- ACTIVITY: Repeat only the stretch of lines below that runs from the line with "have mb : m <= b by rewrite /m; lra." through the line with "Local Notation K", unaltered.

(DATASET ENTRIES begins)

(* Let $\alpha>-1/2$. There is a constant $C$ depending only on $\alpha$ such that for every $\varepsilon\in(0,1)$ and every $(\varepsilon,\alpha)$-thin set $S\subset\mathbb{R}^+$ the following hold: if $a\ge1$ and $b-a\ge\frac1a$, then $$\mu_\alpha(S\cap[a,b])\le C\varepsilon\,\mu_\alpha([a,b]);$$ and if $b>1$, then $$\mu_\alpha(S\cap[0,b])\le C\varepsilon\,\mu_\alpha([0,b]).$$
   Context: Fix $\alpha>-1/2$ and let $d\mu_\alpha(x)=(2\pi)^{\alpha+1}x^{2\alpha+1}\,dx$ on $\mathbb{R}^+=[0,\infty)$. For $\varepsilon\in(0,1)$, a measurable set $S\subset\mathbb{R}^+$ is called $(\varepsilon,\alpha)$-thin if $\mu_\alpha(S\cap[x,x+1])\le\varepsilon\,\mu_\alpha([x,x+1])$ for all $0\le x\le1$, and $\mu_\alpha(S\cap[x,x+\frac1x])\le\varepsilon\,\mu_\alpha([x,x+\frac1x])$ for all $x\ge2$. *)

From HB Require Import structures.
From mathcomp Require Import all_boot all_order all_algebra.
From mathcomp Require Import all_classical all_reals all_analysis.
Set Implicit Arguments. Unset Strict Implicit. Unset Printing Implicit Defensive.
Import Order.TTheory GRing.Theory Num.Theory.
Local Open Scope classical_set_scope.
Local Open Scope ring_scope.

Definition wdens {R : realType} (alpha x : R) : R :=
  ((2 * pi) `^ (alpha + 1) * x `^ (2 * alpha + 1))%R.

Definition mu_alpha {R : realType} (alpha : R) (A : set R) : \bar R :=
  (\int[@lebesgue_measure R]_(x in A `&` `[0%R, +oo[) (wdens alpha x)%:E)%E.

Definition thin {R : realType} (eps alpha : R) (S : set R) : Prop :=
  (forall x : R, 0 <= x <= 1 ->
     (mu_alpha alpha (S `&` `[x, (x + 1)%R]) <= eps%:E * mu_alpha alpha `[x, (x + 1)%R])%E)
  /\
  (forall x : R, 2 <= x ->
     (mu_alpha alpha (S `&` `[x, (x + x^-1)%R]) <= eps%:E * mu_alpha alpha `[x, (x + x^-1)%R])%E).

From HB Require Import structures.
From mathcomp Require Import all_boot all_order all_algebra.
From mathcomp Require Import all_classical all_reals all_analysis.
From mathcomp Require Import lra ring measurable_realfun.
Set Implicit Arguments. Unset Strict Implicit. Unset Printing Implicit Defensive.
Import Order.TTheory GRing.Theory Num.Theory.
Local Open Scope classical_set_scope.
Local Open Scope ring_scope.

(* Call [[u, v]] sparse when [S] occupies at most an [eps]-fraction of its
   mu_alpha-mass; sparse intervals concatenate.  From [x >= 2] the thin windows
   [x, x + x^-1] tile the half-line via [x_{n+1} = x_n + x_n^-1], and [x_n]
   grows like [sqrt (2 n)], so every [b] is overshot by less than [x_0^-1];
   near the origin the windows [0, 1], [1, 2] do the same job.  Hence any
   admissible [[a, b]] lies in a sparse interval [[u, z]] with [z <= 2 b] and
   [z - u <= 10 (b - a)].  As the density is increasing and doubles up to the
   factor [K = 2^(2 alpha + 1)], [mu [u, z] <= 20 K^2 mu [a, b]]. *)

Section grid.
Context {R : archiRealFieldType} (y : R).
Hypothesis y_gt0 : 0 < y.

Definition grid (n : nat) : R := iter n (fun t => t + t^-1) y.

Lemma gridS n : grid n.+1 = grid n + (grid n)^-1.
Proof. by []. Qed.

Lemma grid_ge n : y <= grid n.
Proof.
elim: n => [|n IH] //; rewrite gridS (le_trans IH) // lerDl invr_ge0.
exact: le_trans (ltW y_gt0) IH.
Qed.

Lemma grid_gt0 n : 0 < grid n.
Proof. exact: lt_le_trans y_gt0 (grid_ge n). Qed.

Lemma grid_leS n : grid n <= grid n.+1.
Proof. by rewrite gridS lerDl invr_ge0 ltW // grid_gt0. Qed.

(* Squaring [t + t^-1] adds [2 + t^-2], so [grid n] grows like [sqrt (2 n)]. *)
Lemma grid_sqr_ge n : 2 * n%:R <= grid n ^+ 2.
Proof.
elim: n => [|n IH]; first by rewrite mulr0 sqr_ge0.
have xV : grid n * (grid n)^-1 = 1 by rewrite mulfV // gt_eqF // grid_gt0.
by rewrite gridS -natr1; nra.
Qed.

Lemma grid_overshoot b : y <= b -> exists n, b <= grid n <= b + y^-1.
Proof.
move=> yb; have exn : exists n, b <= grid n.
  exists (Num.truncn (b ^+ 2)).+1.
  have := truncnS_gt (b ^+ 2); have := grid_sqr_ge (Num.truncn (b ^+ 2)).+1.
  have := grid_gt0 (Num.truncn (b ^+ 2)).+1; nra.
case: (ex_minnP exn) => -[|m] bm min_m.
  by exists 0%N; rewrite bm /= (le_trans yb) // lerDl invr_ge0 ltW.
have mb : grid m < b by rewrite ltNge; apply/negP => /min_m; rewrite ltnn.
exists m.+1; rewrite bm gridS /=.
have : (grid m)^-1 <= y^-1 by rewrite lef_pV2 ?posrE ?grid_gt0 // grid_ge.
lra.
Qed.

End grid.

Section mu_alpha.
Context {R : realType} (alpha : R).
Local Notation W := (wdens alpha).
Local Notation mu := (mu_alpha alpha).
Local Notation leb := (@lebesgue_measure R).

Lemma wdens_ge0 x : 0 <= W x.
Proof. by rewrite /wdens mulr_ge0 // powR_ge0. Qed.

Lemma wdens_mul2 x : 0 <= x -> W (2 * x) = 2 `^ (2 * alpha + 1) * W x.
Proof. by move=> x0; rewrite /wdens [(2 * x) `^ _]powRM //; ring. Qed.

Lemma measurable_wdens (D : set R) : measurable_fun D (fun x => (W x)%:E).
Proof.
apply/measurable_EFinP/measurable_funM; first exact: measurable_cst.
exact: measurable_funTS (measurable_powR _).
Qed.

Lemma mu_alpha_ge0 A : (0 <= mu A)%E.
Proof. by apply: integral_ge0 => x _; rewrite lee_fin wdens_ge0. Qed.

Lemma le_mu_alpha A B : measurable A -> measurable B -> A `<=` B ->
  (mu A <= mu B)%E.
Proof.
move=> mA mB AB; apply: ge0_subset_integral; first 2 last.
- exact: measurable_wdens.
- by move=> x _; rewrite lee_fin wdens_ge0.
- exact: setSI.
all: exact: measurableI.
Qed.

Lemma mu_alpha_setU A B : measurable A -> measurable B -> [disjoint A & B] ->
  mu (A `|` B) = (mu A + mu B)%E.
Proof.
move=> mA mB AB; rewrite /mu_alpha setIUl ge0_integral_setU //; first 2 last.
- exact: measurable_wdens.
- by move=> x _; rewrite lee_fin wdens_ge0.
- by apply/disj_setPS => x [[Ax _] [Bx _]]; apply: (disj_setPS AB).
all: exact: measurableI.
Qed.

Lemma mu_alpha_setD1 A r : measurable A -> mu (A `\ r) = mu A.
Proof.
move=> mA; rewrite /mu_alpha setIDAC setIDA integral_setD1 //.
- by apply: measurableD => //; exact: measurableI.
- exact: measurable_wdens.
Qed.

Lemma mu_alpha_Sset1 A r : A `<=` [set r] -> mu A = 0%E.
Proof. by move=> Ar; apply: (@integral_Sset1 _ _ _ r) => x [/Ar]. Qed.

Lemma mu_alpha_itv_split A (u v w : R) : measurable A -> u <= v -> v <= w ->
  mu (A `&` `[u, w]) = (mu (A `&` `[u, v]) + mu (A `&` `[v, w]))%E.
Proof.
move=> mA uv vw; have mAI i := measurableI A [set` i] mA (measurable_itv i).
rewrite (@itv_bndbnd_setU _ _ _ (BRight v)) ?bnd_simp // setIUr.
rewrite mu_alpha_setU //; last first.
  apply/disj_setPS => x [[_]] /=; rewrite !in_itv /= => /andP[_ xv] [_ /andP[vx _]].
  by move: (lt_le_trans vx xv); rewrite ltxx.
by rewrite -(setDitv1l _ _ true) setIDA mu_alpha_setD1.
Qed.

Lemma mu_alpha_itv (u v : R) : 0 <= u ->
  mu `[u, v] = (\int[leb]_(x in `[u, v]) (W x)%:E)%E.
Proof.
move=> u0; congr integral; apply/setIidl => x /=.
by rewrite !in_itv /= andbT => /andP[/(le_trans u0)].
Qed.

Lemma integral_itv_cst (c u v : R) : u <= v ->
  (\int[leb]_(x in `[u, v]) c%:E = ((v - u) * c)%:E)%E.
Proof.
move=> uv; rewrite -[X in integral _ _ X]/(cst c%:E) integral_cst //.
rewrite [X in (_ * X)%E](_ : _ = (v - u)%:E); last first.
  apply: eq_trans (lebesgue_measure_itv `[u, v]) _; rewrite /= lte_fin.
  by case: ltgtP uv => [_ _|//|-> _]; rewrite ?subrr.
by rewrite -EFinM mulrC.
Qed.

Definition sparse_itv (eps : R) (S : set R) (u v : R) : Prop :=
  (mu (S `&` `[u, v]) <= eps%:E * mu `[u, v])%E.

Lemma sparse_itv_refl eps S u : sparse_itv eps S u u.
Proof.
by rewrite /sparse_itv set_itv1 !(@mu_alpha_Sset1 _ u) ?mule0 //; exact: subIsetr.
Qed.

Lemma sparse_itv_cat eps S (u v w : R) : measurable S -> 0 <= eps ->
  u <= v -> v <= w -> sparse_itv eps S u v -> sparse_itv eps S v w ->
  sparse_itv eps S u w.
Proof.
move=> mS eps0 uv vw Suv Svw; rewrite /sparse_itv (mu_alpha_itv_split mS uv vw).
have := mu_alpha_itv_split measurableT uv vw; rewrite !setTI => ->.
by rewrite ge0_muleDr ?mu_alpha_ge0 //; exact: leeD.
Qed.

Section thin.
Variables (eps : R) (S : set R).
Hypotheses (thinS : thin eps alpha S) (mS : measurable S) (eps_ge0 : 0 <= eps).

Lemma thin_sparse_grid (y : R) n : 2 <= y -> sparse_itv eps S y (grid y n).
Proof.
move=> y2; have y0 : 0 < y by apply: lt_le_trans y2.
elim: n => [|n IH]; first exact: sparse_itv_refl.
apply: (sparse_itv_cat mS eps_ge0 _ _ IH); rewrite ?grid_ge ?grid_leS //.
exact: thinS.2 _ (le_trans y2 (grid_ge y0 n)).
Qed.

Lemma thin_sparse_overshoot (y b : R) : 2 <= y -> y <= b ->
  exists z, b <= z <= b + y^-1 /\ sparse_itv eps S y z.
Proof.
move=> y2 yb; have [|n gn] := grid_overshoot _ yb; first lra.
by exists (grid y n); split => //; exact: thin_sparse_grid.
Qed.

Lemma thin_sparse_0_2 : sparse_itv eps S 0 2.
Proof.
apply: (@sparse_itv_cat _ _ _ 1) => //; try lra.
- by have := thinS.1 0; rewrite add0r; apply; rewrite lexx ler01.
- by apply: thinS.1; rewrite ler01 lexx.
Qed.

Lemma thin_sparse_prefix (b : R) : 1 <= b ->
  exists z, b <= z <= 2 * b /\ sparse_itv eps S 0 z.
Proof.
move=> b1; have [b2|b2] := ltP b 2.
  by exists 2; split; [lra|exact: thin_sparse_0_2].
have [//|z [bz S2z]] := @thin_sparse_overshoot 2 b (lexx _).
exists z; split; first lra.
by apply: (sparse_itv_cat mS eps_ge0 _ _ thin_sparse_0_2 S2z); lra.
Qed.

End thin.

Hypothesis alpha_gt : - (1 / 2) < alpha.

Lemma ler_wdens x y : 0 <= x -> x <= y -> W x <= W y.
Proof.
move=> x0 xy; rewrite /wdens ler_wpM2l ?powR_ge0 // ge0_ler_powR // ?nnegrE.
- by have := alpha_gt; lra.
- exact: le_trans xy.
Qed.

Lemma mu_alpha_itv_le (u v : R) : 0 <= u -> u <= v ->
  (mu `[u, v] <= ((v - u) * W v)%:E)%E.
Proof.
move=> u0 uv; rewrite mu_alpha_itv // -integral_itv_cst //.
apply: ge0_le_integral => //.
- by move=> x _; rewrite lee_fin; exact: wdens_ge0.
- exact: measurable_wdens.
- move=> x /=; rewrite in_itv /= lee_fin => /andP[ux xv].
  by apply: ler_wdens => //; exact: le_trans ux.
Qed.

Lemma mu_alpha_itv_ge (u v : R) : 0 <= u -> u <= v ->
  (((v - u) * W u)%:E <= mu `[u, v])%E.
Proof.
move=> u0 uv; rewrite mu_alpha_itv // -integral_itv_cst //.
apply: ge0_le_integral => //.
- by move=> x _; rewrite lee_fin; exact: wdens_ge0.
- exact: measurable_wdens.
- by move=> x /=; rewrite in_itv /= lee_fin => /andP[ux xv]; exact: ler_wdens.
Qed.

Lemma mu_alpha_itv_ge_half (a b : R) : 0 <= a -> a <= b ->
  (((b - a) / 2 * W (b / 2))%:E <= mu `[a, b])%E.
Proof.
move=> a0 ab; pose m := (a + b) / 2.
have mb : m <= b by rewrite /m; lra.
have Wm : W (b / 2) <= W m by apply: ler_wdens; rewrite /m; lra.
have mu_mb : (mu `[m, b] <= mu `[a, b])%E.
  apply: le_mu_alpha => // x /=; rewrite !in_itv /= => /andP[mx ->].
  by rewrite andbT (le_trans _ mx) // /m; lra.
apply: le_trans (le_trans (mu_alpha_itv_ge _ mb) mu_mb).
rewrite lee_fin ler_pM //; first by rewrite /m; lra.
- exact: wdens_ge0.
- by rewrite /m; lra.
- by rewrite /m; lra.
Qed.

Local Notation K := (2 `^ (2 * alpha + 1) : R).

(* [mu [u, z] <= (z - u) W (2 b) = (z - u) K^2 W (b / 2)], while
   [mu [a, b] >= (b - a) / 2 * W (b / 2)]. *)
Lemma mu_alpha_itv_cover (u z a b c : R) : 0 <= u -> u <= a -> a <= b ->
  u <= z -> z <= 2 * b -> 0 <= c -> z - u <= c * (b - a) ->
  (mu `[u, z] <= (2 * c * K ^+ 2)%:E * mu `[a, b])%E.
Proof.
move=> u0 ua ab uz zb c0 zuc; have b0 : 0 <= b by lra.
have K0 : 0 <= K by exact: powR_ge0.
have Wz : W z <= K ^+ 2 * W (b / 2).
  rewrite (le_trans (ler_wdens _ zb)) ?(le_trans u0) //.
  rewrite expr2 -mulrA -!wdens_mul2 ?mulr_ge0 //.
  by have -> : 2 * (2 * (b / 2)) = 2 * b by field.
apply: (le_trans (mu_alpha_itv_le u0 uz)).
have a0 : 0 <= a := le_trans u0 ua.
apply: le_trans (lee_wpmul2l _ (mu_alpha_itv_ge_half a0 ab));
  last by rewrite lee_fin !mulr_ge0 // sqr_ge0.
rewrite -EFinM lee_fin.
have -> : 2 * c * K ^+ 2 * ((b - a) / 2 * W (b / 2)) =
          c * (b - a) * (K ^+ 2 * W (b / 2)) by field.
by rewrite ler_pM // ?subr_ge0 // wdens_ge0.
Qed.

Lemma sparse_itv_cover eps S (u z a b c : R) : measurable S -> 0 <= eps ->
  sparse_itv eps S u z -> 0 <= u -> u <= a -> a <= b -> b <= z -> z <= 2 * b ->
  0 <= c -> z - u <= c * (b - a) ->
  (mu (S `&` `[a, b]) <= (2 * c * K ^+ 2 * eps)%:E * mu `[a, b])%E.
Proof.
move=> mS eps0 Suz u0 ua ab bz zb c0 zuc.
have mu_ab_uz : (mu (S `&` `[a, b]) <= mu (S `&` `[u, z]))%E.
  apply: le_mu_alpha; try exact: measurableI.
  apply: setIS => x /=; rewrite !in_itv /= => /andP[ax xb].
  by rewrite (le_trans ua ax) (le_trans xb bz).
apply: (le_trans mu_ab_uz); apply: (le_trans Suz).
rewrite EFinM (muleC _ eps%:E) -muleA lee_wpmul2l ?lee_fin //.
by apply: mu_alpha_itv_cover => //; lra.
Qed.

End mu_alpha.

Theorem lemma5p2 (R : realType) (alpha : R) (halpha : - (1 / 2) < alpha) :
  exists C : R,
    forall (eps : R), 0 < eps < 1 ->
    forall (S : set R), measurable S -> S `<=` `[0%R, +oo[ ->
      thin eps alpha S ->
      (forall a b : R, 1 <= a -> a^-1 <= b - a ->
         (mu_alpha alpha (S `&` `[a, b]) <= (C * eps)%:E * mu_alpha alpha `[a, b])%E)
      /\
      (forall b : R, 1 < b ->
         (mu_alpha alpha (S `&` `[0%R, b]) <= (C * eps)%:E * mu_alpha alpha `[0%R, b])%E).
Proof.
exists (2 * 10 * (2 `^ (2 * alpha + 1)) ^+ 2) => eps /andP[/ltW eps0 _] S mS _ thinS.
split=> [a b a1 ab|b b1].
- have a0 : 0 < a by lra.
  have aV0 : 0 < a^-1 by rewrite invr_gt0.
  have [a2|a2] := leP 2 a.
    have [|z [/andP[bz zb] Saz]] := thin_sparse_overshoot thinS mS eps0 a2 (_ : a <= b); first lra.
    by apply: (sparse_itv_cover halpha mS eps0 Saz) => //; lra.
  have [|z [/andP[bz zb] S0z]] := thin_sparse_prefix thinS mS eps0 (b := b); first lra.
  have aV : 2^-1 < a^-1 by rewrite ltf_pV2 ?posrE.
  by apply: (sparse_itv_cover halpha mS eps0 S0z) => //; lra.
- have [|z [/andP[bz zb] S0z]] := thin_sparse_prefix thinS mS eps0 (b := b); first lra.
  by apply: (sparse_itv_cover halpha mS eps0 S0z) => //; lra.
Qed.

(DATASET ENTRIES ends)

- EXPECTED ANSWER:
have mb : m <= b by rewrite /m; lra.
have Wm : W (b / 2) <= W m by apply: ler_wdens; rewrite /m; lra.
have mu_mb : (mu `[m, b] <= mu `[a, b])%E.
  apply: le_mu_alpha => // x /=; rewrite !in_itv /= => /andP[mx ->].
  by rewrite andbT (le_trans _ mx) // /m; lra.
apply: le_trans (le_trans (mu_alpha_itv_ge _ mb) mu_mb).
rewrite lee_fin ler_pM //; first by rewrite /m; lra.
- exact: wdens_ge0.
- by rewrite /m; lra.
- by rewrite /m; lra.
Qed.

Local Notation K := (2 `^ (2 * alpha + 1) : R).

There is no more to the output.